# who wants to compare mondays?



## ET (21/10/13)

so far today, clearomizer caused dead short on my newly fixed evic, had to resolder the switch's one pin
2 atm's one after the other go offline as i try to use them
ballie swearing me for "smoking" inside checkers
checkers not selling their iceland battered onion rings anymore 
sigh, keep calm and vape in a dark corner untill monday leaves the room


----------



## Riaz (21/10/13)

i had to go to court this morning to sort out a warrant of arrest that i didnt even know about, which was since 2010.

they didnt want to allow me to renew my car license until this was sorted. 

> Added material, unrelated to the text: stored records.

(* Let $t \geq 2$ and $n \geq 1$ be integers, let $x = \left[\frac{nt-1}{t-1}\right]$ and $q = [x/t]$. Then $$R_{t-1,t}(K_{1,n}) = \begin{cases} x & \text{if } x = tq+1 \text{ with } x \text{ and } q \text{ both odd},\\ x+1 & \text{otherwise.}\end{cases}$$
   Context: $[a]$ denotes the integer part (floor) of a real number $a$. $K_{1,n}$ is the star with $n$ edges. For a graph $G$ and integers $1 \leq s < t$, $R_{s,t}(G)$ is the smallest positive integer $N$ such that every coloring of the edges of the complete graph $K_N$ with $t$ colors contains a (not necessarily induced) subgraph isomorphic to $G$ whose edges use at most $s$ distinct colors. *)

From mathcomp Require Import all_boot.
Set Implicit Arguments. Unset Strict Implicit. Unset Printing Implicit Defensive.

(* A simple graph on a finite vertex type: an edge relation (assumed symmetric,
   irreflexive by the users; we only use it through its edge pairs). *)

(* A t-coloring of the edges of K_N: a symmetric map on pairs of vertices;
   values on the diagonal are irrelevant (never used, since embeddings are
   injective and graph edges join distinct vertices). *)
Definition edge_coloring (N t : nat) := 'I_N -> 'I_N -> 'I_t.
Definition sym_coloring N t (c : edge_coloring N t) := forall i j, c i j = c j i.

Definition used_colors (V : finType) (e : rel V) N t (c : edge_coloring N t)
  (f : V -> 'I_N) : {set 'I_t} :=
  [set c (f u) (f v) | u in V, v in V & e u v].

Definition has_few_colored_copy (V : finType) (e : rel V) N t s
  (c : edge_coloring N t) : Prop :=
  exists f : V -> 'I_N, injective f /\ #|used_colors e c f| <= s.

Definition ramsey_prop (V : finType) (e : rel V) (s t N : nat) : Prop :=
  forall c : edge_coloring N t, sym_coloring c -> has_few_colored_copy e s c.

Definition is_Rst (V : finType) (e : rel V) (s t R : nat) : Prop :=
  0 < R /\ ramsey_prop e s t R /\
  forall N, 0 < N -> ramsey_prop e s t N -> R <= N.

Definition star_rel (n : nat) : rel 'I_n.+1 :=
  fun u v => ((val u == 0) && (val v != 0)) || ((val v == 0) && (val u != 0)).
Arguments star_rel n : clear implicits.
End WeakConvergence.

Section BanachLattice.
Context {R : realType} {F : normedModType R} {le : F -> F -> Prop}.
Hypothesis hF : banach_lattice_order le.

Lemma banach_lattice_norm_subr_le x y g :
  le 0 x -> le x g -> le 0 y -> le y g -> `|x - y| <= `|g|.
Proof.
(* [x - y] and [y - x] both lie below [g], and [|g| = g]. *)
case: hF => refl _ trans add _ sup mono x0 xg y0 yg.
have subr_le a b : le 0 b -> le (a - b) a.
  by move=> /(add _ _ (a - b)); rewrite add0r [b + _]addrC subrK.
have g0 : le 0 g := trans _ _ _ x0 xg.
have [s [xy_s [yx_s s_min]]] := sup (x - y) (- (x - y)).
apply: (mono _ _ s g) => //.
- split; first exact: refl.
  split=> //; have := add _ _ (- g) g0; rewrite add0r subrr => Ng0.
  exact: trans Ng0 g0.
- apply: s_min; first exact: trans (subr_le _ _ y0) xg.
  by rewrite opprB; exact: trans (subr_le _ _ x0) yg.
Qed.

Lemma banach_lattice_dist_le l h a b :
  le l a -> le a h -> le l b -> le b h -> `|a - b| <= `|h - l|.
Proof.
case: (hF) => _ _ _ add _ _ _ la ah lb bh.
have sub_le x y : le x y -> le (x - l) (y - l) by exact: add.
have sub0_le x : le l x -> le 0 (x - l) by move/sub_le; rewrite subrr.
have := banach_lattice_norm_subr_le (sub0_le _ la) (sub_le _ _ ah)
  (sub0_le _ lb) (sub_le _ _ bh).
by rewrite opprB addrA subrK.
Qed.

Lemma banach_lattice_squeeze (lo hi a : nat -> F) b :
  (forall n, le (lo n) (a n) /\ le (a n) (hi n)) ->
  (forall n, le (lo n) b /\ le b (hi n)) ->
  (fun n => `|lo n - hi n|) @ \oo --> (0 : R) -> a @ \oo --> b.
Proof.
move=> a_in b_in gap; apply/cvgrPdist_lt => e e0.
near=> n; have [la ah] := a_in n; have [lb bh] := b_in n.
rewrite (le_lt_trans (banach_lattice_dist_le lb bh la ah)) // distrC.
near: n; have /cvgrPdist_lt /(_ e e0) := gap; apply: filterS => n.
by rewrite sub0r normrN normr_id.
Unshelve. all: by end_near.
Qed.
Lemma norm2_excess_factor v : norm2 (excess_factor B *m v) <= 3 * norm2 v.
Proof.
rewrite /excess_factor mulmxBl mul_scalar_mx -scalemxAl.
apply: le_trans (norm2B _ _) _.
by rewrite !norm2Z !ger0_norm ?invr_ge0 //; have := BT2 v; lra.
Qed.

Lemma opnorm_excess_quad : opnorm (excess_quad B) <= 6.
Proof.
apply: opnorm_le => // v; rewrite -mulmxA.
apply: le_trans (norm2_excess_factor _) _.
by have := norm2_mulmx_leW v B2; lra.
Qed.

Lemma frobnorm_excess_quad : frobnorm (excess_quad B) <= 3 * frobnorm B.
Proof.
rewrite -(ler_pXn2r (_ : (0 < 2)%N)) ?nnegrE ?mulr_ge0 ?frobnorm_ge0 //.
rewrite exprMn !sqr_frobnorm mulr_sumr; apply: ler_sum => j _.
have -> : col j (excess_quad B) = excess_factor B *m col j B by exact/esym/mulmx_colsub.
rewrite -!sqr_norm2 -exprMn ler_pXn2r ?nnegrE ?mulr_ge0 ?norm2_ge0 //.
exact: norm2_excess_factor.
Qed.

Lemma excess_le (sigma sb x : R) u xi :
  0 <= sigma -> 0 < sb -> 0 < x ->
  dotv xi (excess_lin B u) <= sb * norm2 (excess_lin B u) * Num.sqrt (2 * x) ->
  dotv xi (excess_quad B *m xi) - sigma ^+ 2 * \tr (excess_quad B) <=
    2 * sigma * sb * frobnorm (excess_quad B) * Num.sqrt x
    + 2 * sb ^+ 2 * opnorm (excess_quad B) * x ->
  2 * dotv xi (u + B *m xi) - 2 * sigma ^+ 2 * \tr B <=
    2^-1 * sqnorm2 (u + B *m xi) + 46 * sb ^+ 2 * x.
Proof.
move=> sigma0 sb0 x0 lin_dev quad_dev.
rewrite -lerBlDl excessE -(sqr_norm2 u).
set t := Num.sqrt x in quad_dev *; have t0 : 0 <= t := sqrtr_ge0 _.
have tt : t ^+ 2 = x by rewrite sqr_sqrtr ?ltW.
set N := norm2 u; have N0 : 0 <= N := norm2_ge0 _.
set F := frobnorm B; have F0 : 0 <= F := frobnorm_ge0 _.
(* each deviation term is split by AM-GM, [2ab <= a^2 + b^2] *)
have lin_le :
    sb * norm2 (excess_lin B u) * Num.sqrt (2 * x) <= 2^-1 * N ^+ 2 + 16 * sb ^+ 2 * x.
  rewrite sqrtrM // -/t; set r := Num.sqrt 2.
  have r0 : 0 <= r := sqrtr_ge0 _; have rr : r ^+ 2 = 2 by rewrite sqr_sqrtr.
  have : sb * norm2 (excess_lin B u) * (r * t) <= sb * (4 * N) * (r * t).
    apply: ler_wpM2r; first exact: mulr_ge0.
    by apply: ler_wpM2l; [exact: ltW | exact: norm2_excess_lin].
  rewrite -tt; have := sqr_ge0 (N - 4 * sb * r * t); nra.
have quad_le : 2 * sigma * sb * frobnorm (excess_quad B) * t
    <= 2^-1 * sigma ^+ 2 * F ^+ 2 + 18 * sb ^+ 2 * x.
  have : 2 * sigma * sb * frobnorm (excess_quad B) * t <= 2 * sigma * sb * (3 * F) * t.
    have ssb0 : 0 <= 2 * sigma * sb by rewrite !mulr_ge0 // ltW.
    by apply: ler_wpM2r => //; apply: ler_wpM2l => //; exact: frobnorm_excess_quad.
  rewrite -tt; have := sqr_ge0 (sigma * F - 6 * sb * t); nra.
have op_le : 2 * sb ^+ 2 * opnorm (excess_quad B) * x <= 12 * sb ^+ 2 * x.
  have := ler_wpM2l (mulr_ge0 (sqr_ge0 sb) (ltW x0)) opnorm_excess_quad; nra.
lra.
Qed.
Theorem proposition5p1 (R : realType) (K : fieldType) (v : K -> int) (pi : K) (q : nat)
    (hK : is_local_field v pi q)
    (h2 : (2 : K) != 0) (hres2 : (0 < v 2)%R)
    (Delta : K) (hDn0 : Delta != 0) (hDunit : v Delta = 0)
    (hDns : ~ exists y : K, Delta = y ^+ 2)
    (d : nat) (hdef : forall x : K, qdefect v Delta x <-> in_ideal v (pi ^+ d) x)
    (z : R[i]) (hz : `|z| < 1)
    (t : K) (ht0 : t != 0) (T : nat) (hT : v t = T%:Z) :
  let e : int := v 2 in
  let w : R[i] := z * ((q%:R : R) ^-1)%:C in
  let B : K -> K := fun x => Delta * x ^+ 2 in
  let api : R := @absv R K v q pi in
  (@absv R K v q (pi ^+ d * t ^+ 2) <= @absv R K v q 2 ->
    @XB_is R K v pi q B z (t ^+ 2)
      ((api ^ (divz (e + 1) 2))%:C
         * (1 - (z * w) ^ (T%:Z + divz (d%:Z + 1 - e + 1) 2)) / (1 - z * w)
       + w * (api ^ (divz e 2))%:C
         * (1 - (z * w) ^ (T%:Z + divz (d%:Z + 1 - e) 2)) / (1 - z * w))) /\
  (~ (@absv R K v q (pi ^+ d * t ^+ 2) <= @absv R K v q 2) ->
    @XB_is R K v pi q B z (t ^+ 2) 0).
Proof.
move=> e w B api; rewrite /e /w /B /api.
have [E hE] : exists E : nat, v 2 = E%:Z by exists (absz (v 2)); rewrite gez0_abs // ltW.
have Q1 : 1 <= (q%:R : R) by rewrite ler1n; have := residue_card_ge2 hK; lia.
have hX l := Xl_Dsqr hK R l h2 hE hDunit hDns hdef ht0 hT.
rewrite (absv_le_absv2 hK R d h2 hE ht0 hT); split => hc; last first.
  apply: (series_to_finite (N := 0)) => [i _|]; last exact: big_ord0.
  by rewrite hX ifF ?raddf0 ?mulr0 //; lia.
set M := (2 * T + d - E)%N.
apply: (series_to_finite (N := M.+1)) => [i hi|].
  by rewrite hX ifF ?raddf0 ?mulr0 //; lia.
rewrite (eq_bigr (fun l : 'I_M.+1 => z ^+ l * (((q%:R : R) ^+ ((E + l + 1) %/ 2))^-1)%:C));
  last by move=> i _; rewrite hX ifT //; have := ltn_ord i; lia.
rewrite (sum_ceil_half_geo E (lt_le_trans ltr01 Q1) (sub1_mul_invq_neq0 Q1 hz)).
rewrite hE absv_pi //.
have -> : divz (E%:Z + 1) 2 = ((E + 1) %/ 2)%N by lia.
have -> : divz E%:Z 2 = (E %/ 2)%N by lia.
have -> : T%:Z + divz (d%:Z + 1 - E%:Z + 1) 2 = (M.+2 %/ 2)%N by lia.
have -> : T%:Z + divz (d%:Z + 1 - E%:Z) 2 = (M.+1 %/ 2)%N by lia.
by rewrite -!exprnP !exprVn !mulrA.
Qed.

so i went to parow court for the warrant, after paying, went next door to the traffic department to renew the disk the lady says sorry this warrant needs to be paid. i said i just paid it, she says sorry its not updated yet.

now bare in mind i have to renew this disk today as my 21day grace period expires today. so i ask her ok so now what, she says call this number. i call and the guy tells me i need to fax the proof of payment to them and the system will be updated in a few days. i said i dont have a few days, this must be done today. any whoo 

i then had to drive to greenpoint to have the admin mark removed so i can renew the disk. 

(just btw, they dont renew car license in greenpoint anymore)

then i had to go to the civic centre and finally walked out with a new car license disk

what a damn mission


----------



## ET (21/10/13)

holy crappy mondays batman, that sucks big time


----------



## Gizmo (21/10/13)

Riaz said:


> i had to go to court this morning to sort out a warrant of arrest that i didnt even know about, which was since 2010.
> 
> they didnt want to allow me to renew my car license until this was sorted.
> 
> ...



Wow that's quite intense day. I had quite a chilled day. The office is really quite at the moment. So nothing exciting


----------



## Stroodlepuff (21/10/13)

Yeap my monday was pretty good too  Had to go to my mom cause I left my little case with all my flavours and atomisers and charger etc there on Saturday so had to go fetch it and ended up spending the whole day there  Was lovely  Also it was raining and hailing too hard for me to drive (Im a scardy cat when it comes to driving in the rain) So ended up only getting home now to a nice cooked meal by my better half  All in all was a good monday


----------